Task statement ->
Filter the entries, keeping every line with the string "half".

Information shown ->
(* Let $\mu\in\mathbb{C}$ and $\ell\in\mathbb{N}_0$. For every $f\in C^\infty(\mathbb{R}_+)$ and $x>0$, $$\mathcal{D}_{\mu,2\ell+1}\big(x^{-(2\ell+1)}e^{-x}f(2x)\big)=x^{-(2\ell+1)}e^{-x}\left(\Big(4\mathcal{P}_{\mu,\ell}+\frac{(\mu-2\ell-1)(\mu+2\ell+3)}{2}\Big)f\right)(2x).$$
   Context: Let $\theta=x\frac{d}{dx}$ be the Euler operator on $\mathbb{R}_+$; products of operators denote composition and functions of $x$ act by multiplication. Define $$\mathcal{D}_{\mu,\nu}=\frac{1}{x^2}\big((\theta+\nu)(\theta+\mu+\nu)-x^2\big)\big(\theta(\theta+\mu)-x^2\big)-\frac{(\mu-\nu)(\mu+\nu+2)}{2}$$ and $$\mathcal{P}_{\mu,\ell}=\frac{1}{x^2}\Big(\big(\theta+\mu-2\ell-1-\tfrac x2\big)\big(\theta+\mu-\tfrac x2\big)-\big(\tfrac x2\big)^2\Big)\Big(\big(\theta-2\ell-1-\tfrac x2\big)\big(\theta-\tfrac x2\big)-\big(\tfrac x2\big)^2\Big).$$ *)

From Stdlib Require Import Reals.
From Coquelicot Require Import Coquelicot.
Open Scope R_scope.

(* Complex-valued functions of a real variable; only their values on (0,+oo) matter. *)
Definition cfun := R -> C.
Definition Op := cfun -> cfun.

Definition Dc (f : cfun) : cfun :=
  fun x => (Derive (fun t => Re (f t)) x, Derive (fun t => Im (f t)) x).

Definition smooth_pos (f : cfun) : Prop :=
  forall (n : nat) (x : R), 0 < x ->
    ex_derive (Derive_n (fun t => Re (f t)) n) x /\
    ex_derive (Derive_n (fun t => Im (f t)) n) x.

Definition theta : Op := fun f x => (RtoC x * Dc f x)%C.
Definition op_comp (A B : Op) : Op := fun f => A (B f).
Definition op_add (A B : Op) : Op := fun f x => (A f x + B f x)%C.
Definition op_sub (A B : Op) : Op := fun f x => (A f x - B f x)%C.
Definition op_cst (c : C) : Op := fun f x => (c * f x)%C.
Definition op_mulf (g : R -> C) : Op := fun f x => (g x * f x)%C.

Definition Dop (mu nu : C) : Op :=
  op_sub
    (op_comp (op_mulf (fun x => RtoC (/ (x ^ 2))))
       (op_comp
          (op_sub (op_comp (op_add theta (op_cst nu)) (op_add theta (op_cst (mu + nu)%C)))
                  (op_mulf (fun x => RtoC (x ^ 2))))
          (op_sub (op_comp theta (op_add theta (op_cst mu)))
                  (op_mulf (fun x => RtoC (x ^ 2))))))
    (op_cst ((mu - nu) * (mu + nu + RtoC 2) / RtoC 2)%C).

Definition Pop (mu : C) (l : nat) : Op :=
  let a := RtoC (2 * INR l + 1) in
  let half := op_mulf (fun x => RtoC (x / 2)) in
  let sq := op_mulf (fun x => RtoC ((x / 2) ^ 2)) in
  op_comp (op_mulf (fun x => RtoC (/ (x ^ 2))))
    (op_comp
       (op_sub (op_comp (op_sub (op_add theta (op_cst (mu - a)%C)) half)
                        (op_sub (op_add theta (op_cst mu)) half))
               sq)
       (op_sub (op_comp (op_sub (op_add theta (op_cst (- a)%C)) half)
                        (op_sub theta half))
               sq)).

(** The weight [q t = t^-n e^-t], [n = 2l+1], has logarithmic derivative
    [-n/t - 1], and each derivative of [t ↦ f (2t)] only contributes a factor
    [2].  So the product and chain rules express every iterated [θ] on either
    side in closed form, as [q x] times a combination of [f^(j) (2x)], [j ≤ 4],
    with coefficients rational in [x], [μ] and [l]; the theorem is then an
    identity of rational functions. *)

From Stdlib Require Import Reals Lra.
From Coquelicot Require Import Coquelicot.
Open Scope R_scope.

Definition is_deriveC_pos (h dh : cfun) : Prop :=
  forall t, 0 < t ->
    is_derive (fun s => Re (h s)) t (Re (dh t)) /\
    is_derive (fun s => Im (h s)) t (Im (dh t)).

Lemma is_deriveC_pos_ext (h k dh : cfun) :
  (forall t, 0 < t -> h t = k t) -> is_deriveC_pos k dh -> is_deriveC_pos h dh.
Proof.
  intros Ehk Hk t Ht.
  assert (Hnear : locally t (fun s => 0 < s)).
  { apply (locally_interval _ t 0 p_infty); simpl; auto. }
  destruct (Hk t Ht) as [HRe HIm]; split.
  - apply (is_derive_ext_loc (fun s => Re (k s))); [|exact HRe].
    apply (filter_imp _ _ (fun s Hs => f_equal Re (eq_sym (Ehk s Hs))) Hnear).
  - apply (is_derive_ext_loc (fun s => Im (k s))); [|exact HIm].
    apply (filter_imp _ _ (fun s Hs => f_equal Im (eq_sym (Ehk s Hs))) Hnear).
Qed.

Lemma is_deriveC_pos_ext_derive (h dh dk : cfun) :
  is_deriveC_pos h dh -> (forall t, 0 < t -> dh t = dk t) -> is_deriveC_pos h dk.
Proof. intros Hh E t Ht; rewrite <- E by exact Ht; exact (Hh t Ht). Qed.

Lemma is_deriveC_pos_const (c : C) : is_deriveC_pos (fun _ => c) (fun _ => RtoC 0).
Proof.
  intros t _; split; [exact (is_derive_const (Re c) t) | exact (is_derive_const (Im c) t)].
Qed.

Lemma is_deriveC_pos_RtoC (r dr : R -> R) :
  (forall t, 0 < t -> is_derive r t (dr t)) ->
  is_deriveC_pos (fun t => RtoC (r t)) (fun t => RtoC (dr t)).
Proof. intros Hr t Ht; split; [exact (Hr t Ht) | exact (is_derive_const 0 t)]. Qed.

Lemma is_deriveC_pos_plus (h k dh dk : cfun) :
  is_deriveC_pos h dh -> is_deriveC_pos k dk ->
  is_deriveC_pos (fun t => h t + k t)%C (fun t => dh t + dk t)%C.
Proof.
  intros Hh Hk t Ht; destruct (Hh t Ht) as [HhRe HhIm], (Hk t Ht) as [HkRe HkIm].
  split; [exact (is_derive_plus _ _ _ _ _ HhRe HkRe)
        | exact (is_derive_plus _ _ _ _ _ HhIm HkIm)].
Qed.

Lemma is_deriveC_pos_minus (h k dh dk : cfun) :
  is_deriveC_pos h dh -> is_deriveC_pos k dk ->
  is_deriveC_pos (fun t => h t - k t)%C (fun t => dh t - dk t)%C.
Proof.
  intros Hh Hk t Ht; destruct (Hh t Ht) as [HhRe HhIm], (Hk t Ht) as [HkRe HkIm].
  split; [exact (is_derive_minus _ _ _ _ _ HhRe HkRe)
        | exact (is_derive_minus _ _ _ _ _ HhIm HkIm)].
Qed.

Lemma is_derive_Rmult (r s : R -> R) (x dr ds : R) :
  is_derive r x dr -> is_derive s x ds ->
  is_derive (fun t => r t * s t) x (dr * s x + r x * ds).
Proof. intros Hr Hs; apply (is_derive_mult r s x dr ds Hr Hs), Rmult_comm. Qed.

Lemma is_deriveC_pos_mult (h k dh dk : cfun) :
  is_deriveC_pos h dh -> is_deriveC_pos k dk ->
  is_deriveC_pos (fun t => h t * k t)%C (fun t => dh t * k t + h t * dk t)%C.
Proof.
  intros Hh Hk t Ht; destruct (Hh t Ht) as [HhRe HhIm], (Hk t Ht) as [HkRe HkIm].
  split.
  - replace (Re (dh t * k t + h t * dk t)%C) with
      (Re (dh t) * Re (k t) + Re (h t) * Re (dk t)
       - (Im (dh t) * Im (k t) + Im (h t) * Im (dk t))) by (unfold Re, Im; simpl; ring).
    exact (is_derive_minus _ _ _ _ _
             (is_derive_Rmult _ _ _ _ _ HhRe HkRe) (is_derive_Rmult _ _ _ _ _ HhIm HkIm)).
  - replace (Im (dh t * k t + h t * dk t)%C) with
      (Re (dh t) * Im (k t) + Re (h t) * Im (dk t)
       + (Im (dh t) * Re (k t) + Im (h t) * Re (dk t))) by (unfold Re, Im; simpl; ring).
    exact (is_derive_plus _ _ _ _ _
             (is_derive_Rmult _ _ _ _ _ HhRe HkIm) (is_derive_Rmult _ _ _ _ _ HhIm HkRe)).
Qed.

Lemma is_deriveC_pos_dilate (h dh : cfun) (c : R) :
  0 < c -> is_deriveC_pos h dh ->
  is_deriveC_pos (fun t => h (c * t)) (fun t => RtoC c * dh (c * t)%R)%C.
Proof.
  intros Hc Hh t Ht.
  assert (Hct : 0 < c * t) by nra.
  assert (Hlin : is_derive (fun s => c * s) t c) by (auto_derive; auto; ring).
  destruct (Hh _ Hct) as [HRe HIm]; split.
  - replace (Re (RtoC c * dh (c * t)%R)%C) with (scal c (Re (dh (c * t))))
      by (unfold scal, Re, Im; simpl; unfold mult; simpl; ring).
    exact (is_derive_comp (fun s => Re (h s)) (fun s => c * s) t _ _ HRe Hlin).
  - replace (Im (RtoC c * dh (c * t)%R)%C) with (scal c (Im (dh (c * t))))
      by (unfold scal, Re, Im; simpl; unfold mult; simpl; ring).
    exact (is_derive_comp (fun s => Im (h s)) (fun s => c * s) t _ _ HIm Hlin).
Qed.

Lemma Dc_is_deriveC_pos (h dh : cfun) (t : R) :
  is_deriveC_pos h dh -> 0 < t -> Dc h t = dh t.
Proof.
  intros Hh Ht; destruct (Hh t Ht) as [HRe HIm]; unfold Dc.
  replace (Derive (fun s => Re (h s)) t) with (Re (dh t))
    by (symmetry; exact (is_derive_unique _ _ _ HRe)).
  replace (Derive (fun s => Im (h s)) t) with (Im (dh t))
    by (symmetry; exact (is_derive_unique _ _ _ HIm)).
  destruct (dh t); reflexivity.
Qed.

Lemma theta_is_deriveC_pos (h dh : cfun) (t : R) :
  is_deriveC_pos h dh -> 0 < t -> theta h t = (RtoC t * dh t)%C.
Proof.
  intros Hh Ht; unfold theta; rewrite (Dc_is_deriveC_pos h dh t Hh Ht); reflexivity.
Qed.

Lemma is_deriveC_pos_theta (h dh dth : cfun) :
  is_deriveC_pos h dh -> is_deriveC_pos (fun t => RtoC t * dh t)%C dth ->
  is_deriveC_pos (theta h) dth.
Proof.
  intros Hh; apply is_deriveC_pos_ext; intros t Ht.
  exact (theta_is_deriveC_pos h dh t Hh Ht).
Qed.

Definition DnC (f : cfun) (j : nat) (t : R) : C :=
  (Derive_n (fun s => Re (f s)) j t, Derive_n (fun s => Im (f s)) j t).

Lemma DnC_O (f : cfun) (t : R) : DnC f 0 t = f t.
Proof. unfold DnC; simpl; destruct (f t); reflexivity. Qed.

Lemma is_deriveC_pos_DnC (f : cfun) (j : nat) :
  smooth_pos f -> is_deriveC_pos (DnC f j) (DnC f (S j)).
Proof.
  intros Hf t Ht; destruct (Hf j t Ht) as [HRe HIm]; simpl.
  split; apply Derive_correct; assumption.
Qed.

Lemma is_deriveC_pos_smooth (f : cfun) : smooth_pos f -> is_deriveC_pos f (DnC f 1).
Proof.
  intros Hf; apply (is_deriveC_pos_ext _ (DnC f 0)).
  - intros t _; symmetry; apply DnC_O.
  - apply is_deriveC_pos_DnC, Hf.
Qed.

Lemma is_derive_inv_pow_exp (n : nat) (t : R) :
  0 < t ->
  is_derive (fun s => / s ^ n * exp (- s)) t ((- INR n / t - 1) * (/ t ^ n * exp (- t))).
Proof.
  intros Ht.
  assert (Ht0 : t <> 0) by lra.
  assert (Htn : t ^ n <> 0) by (apply pow_nonzero; lra).
  auto_derive; [exact Htn|].
  destruct n as [|n]; [simpl; field; exact Ht0|].
  simpl Nat.pred; rewrite <- tech_pow_Rmult in Htn |- *.
  field; split; [apply pow_nonzero|]; lra.
Qed.

Lemma is_deriveC_pos_inv_pow_exp (n : nat) :
  is_deriveC_pos (fun t => RtoC (/ t ^ n * exp (- t)))
    (fun t => (RtoC (- INR n) * RtoC (/ t) - RtoC 1) * RtoC (/ t ^ n * exp (- t)))%C.
Proof.
  eapply is_deriveC_pos_ext_derive.
  - apply is_deriveC_pos_RtoC; intros t Ht; exact (is_derive_inv_pow_exp n t Ht).
  - intros t _; rewrite <- RtoC_mult, <- RtoC_minus, <- RtoC_mult; reflexivity.
Qed.

Ltac derive_pos f Hf :=
  cbv beta;
  lazymatch goal with
  | |- is_deriveC_pos (fun _ => ?c) _ => apply is_deriveC_pos_const
  | |- is_deriveC_pos (fun t => theta ?h t) _ =>
      eapply (is_deriveC_pos_theta h); [derive_pos f Hf | derive_pos f Hf]
  | |- is_deriveC_pos (theta _) _ =>
      eapply is_deriveC_pos_theta; [derive_pos f Hf | derive_pos f Hf]
  | |- is_deriveC_pos (fun t => (_ + _)%C) _ =>
      eapply is_deriveC_pos_plus; [derive_pos f Hf | derive_pos f Hf]
  | |- is_deriveC_pos (fun t => (_ - _)%C) _ =>
      eapply is_deriveC_pos_minus; [derive_pos f Hf | derive_pos f Hf]
  | |- is_deriveC_pos (fun t => (_ * _)%C) _ =>
      eapply is_deriveC_pos_mult; [derive_pos f Hf | derive_pos f Hf]
  | |- is_deriveC_pos (fun t => RtoC (/ t ^ _ * exp (- t))) _ =>
      apply is_deriveC_pos_inv_pow_exp
  | |- is_deriveC_pos (fun t => RtoC _) _ =>
      apply is_deriveC_pos_RtoC; intros ? ?;
      auto_derive;
      [repeat split; auto; repeat apply Rmult_integral_contrapositive_currified; lra
      | reflexivity]
  | |- is_deriveC_pos RtoC _ =>
      apply (is_deriveC_pos_RtoC (fun t => t)); intros ? ?;
      auto_derive; [auto | reflexivity]
  | |- is_deriveC_pos (fun t => f (2 * t)) _ =>
      apply (is_deriveC_pos_dilate f); [lra | apply is_deriveC_pos_smooth, Hf]
  | |- is_deriveC_pos (fun t => DnC f _ (2 * t)) _ =>
      apply (is_deriveC_pos_dilate (DnC f _)); [lra | apply is_deriveC_pos_DnC, Hf]
  | |- is_deriveC_pos (DnC f _) _ => apply is_deriveC_pos_DnC, Hf
  | |- is_deriveC_pos f _ => apply is_deriveC_pos_smooth, Hf
  end.

Theorem lemma3p3 (mu : C) (l : nat) (f : R -> C) (x : R) :
  smooth_pos f -> 0 < x ->
  Dop mu (RtoC (2 * INR l + 1))
      (fun t => (RtoC (/ (t ^ (2 * l + 1)) * exp (- t)) * f (2 * t)%R)%C) x
  = (RtoC (/ (x ^ (2 * l + 1)) * exp (- x)) *
     op_add (op_comp (op_cst (RtoC 4)) (Pop mu l))
            (op_cst ((mu - RtoC (2 * INR l + 1)) * (mu + RtoC (2 * INR l + 3)) / RtoC 2)%C)
            f (2 * x)%R)%C.
Proof.
  intros Hf Hx.
  assert (H2x : 0 < 2 * x) by lra.
  unfold Dop, Pop, op_sub, op_comp, op_add, op_cst, op_mulf; cbv beta.
  repeat (erewrite (theta_is_deriveC_pos _ _ x); [| derive_pos f Hf | exact Hx]).
  repeat (erewrite (theta_is_deriveC_pos _ _ (2 * x)); [| derive_pos f Hf | exact H2x]).
  (* [f (2x)] must be the same atom as the derivatives [DnC f j (2x)]. *)
  cbv beta; rewrite <- (DnC_O f (2 * x)).
  set (q := / x ^ (2 * l + 1) * exp (- x)); clearbody q.
  replace (INR (2 * l + 1)) with (2 * INR l + 1) by (rewrite plus_INR, mult_INR; simpl; ring).
  unfold Rdiv.
  repeat first [ rewrite RtoC_plus | rewrite RtoC_mult | rewrite RtoC_minus
               | rewrite RtoC_opp | rewrite RtoC_pow
               | rewrite RtoC_inv
                   by (repeat apply Rmult_integral_contrapositive_currified;
                       try apply pow_nonzero; lra) ].
  field; intros H0; apply (f_equal fst) in H0; simpl in H0; lra.
Qed.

Response to this exercise ->
  let half := op_mulf (fun x => RtoC (x / 2)) in
       (op_sub (op_comp (op_sub (op_add theta (op_cst (mu - a)%C)) half)
                        (op_sub (op_add theta (op_cst mu)) half))
       (op_sub (op_comp (op_sub (op_add theta (op_cst (- a)%C)) half)
                        (op_sub theta half))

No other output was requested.